Within the framework of the present invention, the expression low-altitude flight trajectory is understood to mean a flight trajectory allowing an aircraft to follow as closely as possible the terrain overflown, while avoiding any risk of collision with a part of the terrain. Such a trajectory is therefore situated at a predetermined minimum terrain height, for example 500 feet (around 150 meters).
More particularly, although not exclusively, the present invention applies to a tactical military transport plane which exhibits a low thrust/weight ratio and high inertia, and whose maneuvering times are relatively slow in particular with respect to those of a lighter and swifter plane, such as a fighter for example. Moreover, for such a military transport plane, it is in general desirable for said plane not to be easily detectable.

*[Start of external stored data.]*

Lemma X_lin a f g : l2 f -> l2 g -> X (fun w => a * f w + g w) = a *: X f + X g.
Proof. by case: X_Xsigma => X_lin _; exact: X_lin. Qed.

Lemma S_X i f : l2 f -> S i (X f) = X (Lcr i f).
Proof. by case: X_Xsigma => _ [_ S_X]; exact: S_X. Qed.

Definition Ximage x := exists2 f, l2 f & x = X f.

Definition Xperp x := exists f, [/\ l2 f, f [::] = 0 & x = X f].

Definition Xperp_closure x := exists2 u, (forall k, Xperp (u k)) & hcvg hs u x.

Lemma Xperp_lin a x z : Xperp x -> Xperp z -> Xperp (a *: x + z).
Proof.
move=> [f [f_l2 f0 ->]] [g [g_l2 g0 ->]].
exists (fun w => a * f w + g w); split; first exact: l2_lin.
  by rewrite f0 g0 mulr0 add0r.
by rewrite X_lin.
Qed.

Lemma X0 : X (fun => 0) = 0.
Proof.
have := X_lin (-1) l2_0 l2_0; rewrite scaleN1r addNr => <-.
by congr X; apply: funext => w; rewrite mulr0 addr0.
Qed.

Lemma Xperp0 : Xperp 0.
Proof. by exists (fun => 0); split; rewrite ?X0 //; exact: l2_0. Qed.

Lemma Xperp_mid x z : Xperp x -> Xperp z -> Xperp ((2^-1)%:C *: (x + z)).
Proof.
move=> Xx Xz; rewrite scalerDr -[X in _ + X]addr0.
by apply: Xperp_lin Xx (Xperp_lin _ Xz Xperp0).
Qed.

Lemma Xperp_Ximage x : Xperp x -> Ximage x.
Proof. by move=> [f [f_l2 _ ->]]; exists f. Qed.

Lemma S_Ximage i x : Ximage x -> Xperp (S i x).
Proof. by move=> [f f_l2 ->]; exists (Lcr i f); split; [exact: l2_Lcr | | exact: S_X]. Qed.

Lemma Sword_Ximage w x : Ximage x -> Ximage (Sword S w x).
Proof. by elim: w => [|i w IH] //= /IH /(S_Ximage i) /Xperp_Ximage. Qed.

Lemma Sword_Xperp w x : w != [::] -> Ximage x -> Xperp (Sword S w x).
Proof. by case: w => [|i w] //= _ /(Sword_Ximage w) /(S_Ximage i). Qed.

Lemma Xperp_sub_closure x : Xperp x -> Xperp_closure x.
Proof. by move=> Xx; exists (fun => x) => //; exact: hcvg_cst. Qed.

Lemma Xperp_closure_lin a x z :
  Xperp_closure x -> Xperp_closure z -> Xperp_closure (a *: x + z).
Proof.
move=> [u Xu ux] [v Xv vz]; exists (fun k => a *: u k + v k); last exact: hcvg_lin.
by move=> k; apply: Xperp_lin.
Qed.

Lemma Sword_Xperp_closure w x : Xperp_closure x -> Xperp_closure (Sword S w x).
Proof.
case: w => [|i w] //= [u Xu ux].
exists (S i \o Sword S w \o u); last first.
  exact: (hcvg_isometry (linmapB (Sword_linmap (i :: w))) (Sword_hn (i :: w)) ux).
by move=> k; apply: (Sword_Xperp (w := i :: w)) => //; exact: Xperp_Ximage.
Qed.

Definition Xvac := X vac.

Lemma c_le_hn_Xvac_sub x : Xperp x -> c <= hn (Xvac - x).
Proof.
move=> [f [f_l2 f0 ->]].
have g_l2 := l2_lin (-1) f_l2 l2_vac.
have := X_ge g_l2; rewrite (X_lin (-1) f_l2 l2_vac) scaleNr scale1r addrC.
by apply: le_trans; rewrite ler_pMr // l2norm_ge1 // f0 mulr0 add0r csq_vac eqxx.
Qed.

Definition Xvac_dist := inf [set hn (Xvac - x) | x in Xperp].

Lemma Xvac_dist_has_inf : has_inf [set hn (Xvac - x) | x in Xperp].
Proof.
split; first by exists (hn (Xvac - 0)), 0; [exact: Xperp0 |].
by exists c => _ [x Xx <-]; exact: c_le_hn_Xvac_sub.
Qed.

Lemma Xvac_dist_le x : Xperp x -> Xvac_dist <= hn (Xvac - x).
Proof. by move=> Xx; apply: (ge_inf Xvac_dist_has_inf.2); exists x. Qed.

Lemma c_le_Xvac_dist : c <= Xvac_dist.
Proof.
apply: lb_le_inf; first exact: Xvac_dist_has_inf.1.
by move=> _ [x Xx <-]; exact: c_le_hn_Xvac_sub.
Qed.

Lemma Xvac_dist_le_closure x : Xperp_closure x -> Xvac_dist <= hn (Xvac - x).
Proof.
move=> [u Xu ux]; apply: (hn_cvg_ge (N := 0%N) (hcvgBl Xvac ux)) => k _.
exact: Xvac_dist_le.
Qed.

Lemma Xvac_dist_gt0 : 0 < Xvac_dist.
Proof. exact: lt_le_trans c_gt0 c_le_Xvac_dist. Qed.

Lemma Xvac_closest_point : exists2 p, Xperp_closure p & hn (Xvac - p) = Xvac_dist.
Proof.
have /choice [u u_min] k : exists x, Xperp x /\ hn (Xvac - x) < Xvac_dist + k.+1%:R^-1.
  have k_gt0 : 0 < k.+1%:R^-1 :> R by rewrite invr_gt0.
  by have [_ [x Xx <-] x_min] := inf_adherent k_gt0 Xvac_dist_has_inf; exists x.
have Xu k : Xperp (u k) := (u_min k).1.
have u_near e :
    0 < e -> exists N, forall k, (N <= k)%N -> hn (Xvac - u k) <= Xvac_dist + e.
  move=> /natinv_lt [N hN]; exists N => k /hN; have := (u_min k).2.
  by move: (k.+1%:R^-1) => t; lra.
have u_cauchy := minimizing_cauchy Xperp_mid (ltW Xvac_dist_gt0) Xvac_dist_le Xu u_near.
have [p up] := hcauchy_cvg u_cauchy.
have Xp : Xperp_closure p by exists u.
exists p => //; apply/eqP; rewrite eq_le Xvac_dist_le_closure // andbT.
exact: hn_cvg_le (hcvgBl Xvac up) u_near.
Qed.

Lemma Xvac_closest_orth p x : Xperp_closure p -> hn (Xvac - p) = Xvac_dist ->
  Xperp_closure x -> ip (Xvac - p) x = 0.
Proof.
move=> Xp p_min Xx; apply: ip_eq0_of_min => a.
have -> : Xvac - p + a *: x = Xvac - ((- a) *: x + p).
  by rewrite scaleNr opprD opprK addrA addrAC.
by rewrite p_min; apply/Xvac_dist_le_closure/Xperp_closure_lin.
Qed.

Lemma Sword_Xvac_closest p w :
  Xperp_closure p -> w != [::] -> Xperp_closure (Sword S w (Xvac - p)).
Proof.
move=> Xp w_nil; rewrite (linmapB (Sword_linmap w)) addrC -scaleN1r.
apply: Xperp_closure_lin; first exact: Sword_Xperp_closure.
by apply/Xperp_sub_closure/Sword_Xperp => //; exists vac; first exact: l2_vac.
Qed.

Lemma bounded_below_wandering : exists eta, wandering hs S eta.
Proof.
have [p Xp p_min] := Xvac_closest_point.
exists ((Xvac_dist^-1)%:C *: (Xvac - p)); apply: wandering_of_orth => [|w w_nil].
  rewrite ipZl ipZr conj_realC ipxx p_min mulrA -!rmorphM /= -expr2 -exprMn.
  by rewrite mulVf ?gt_eqF ?Xvac_dist_gt0 // expr1n.
rewrite (linmapZ (Sword_linmap w)) ipZl ipZr Xvac_closest_orth ?mulr0 //.
exact: Sword_Xvac_closest.
Qed.

End FromBoundedBelow.
End Isometries.

Theorem corollary2p9 (R : realType) (n : nat) (H : lmodType R[i]) (hs : hilbert H)
  (S : 'I_n -> H -> H) :
  (2 <= n)%N -> En_rep hs S ->
  ((exists eta : H, wandering hs S eta) <->
   (exists X : (seq 'I_n -> R[i]) -> H, in_Xsigma hs S X /\ bounded_below hs X)).
Proof.
move=> _ hS; split=> [[eta eta_wandering] | [X [X_Xsigma [c [c_gt0 X_ge]]]]].
  exact (wandering_Xsigma hS eta_wandering).
exact (bounded_below_wandering hS X_Xsigma c_gt0 X_ge).
Qed.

It is known that the calculation of a low-altitude flight trajectory of the aforesaid type requires very significant computational resources for onboard computers used for this purpose.
Now, the crew of an aircraft, in particular of a military transport plane of the aforesaid type, may need to employ a low-altitude flight trajectory, in a quasi-immediate manner, under certain operational flight situations, such as a descent towards the ground in case of unforeseen threat so as to benefit from a masking by the terrain or upon the appearance of IMC (“Instrument Meteorological Conditions”) conditions that are unforeseen in flight at low altitude in VMC (“Visual Meteorological Conditions”) conditions requiring automatic guidance.
Since the computational resources are of course limited on an aircraft, it is generally impossible to construct a lengthy low-altitude flight trajectory within a very short time scale, of the order of a few seconds, as is required in operational flight situations such as those mentioned above.
This drawback is made more acute in respect of tactical military transport planes such as described previously, whose high inertia makes it necessary to compute the low-altitude flight trajectories, with the aid of onboard performance models (climb performance of the aircraft in particular). Such a mode of computation using performance models considerably lengthens the computation times, in particular relative to those intended for a fighter for example, whose high thrust/weight ratio renders the impact of the climb performance less critical.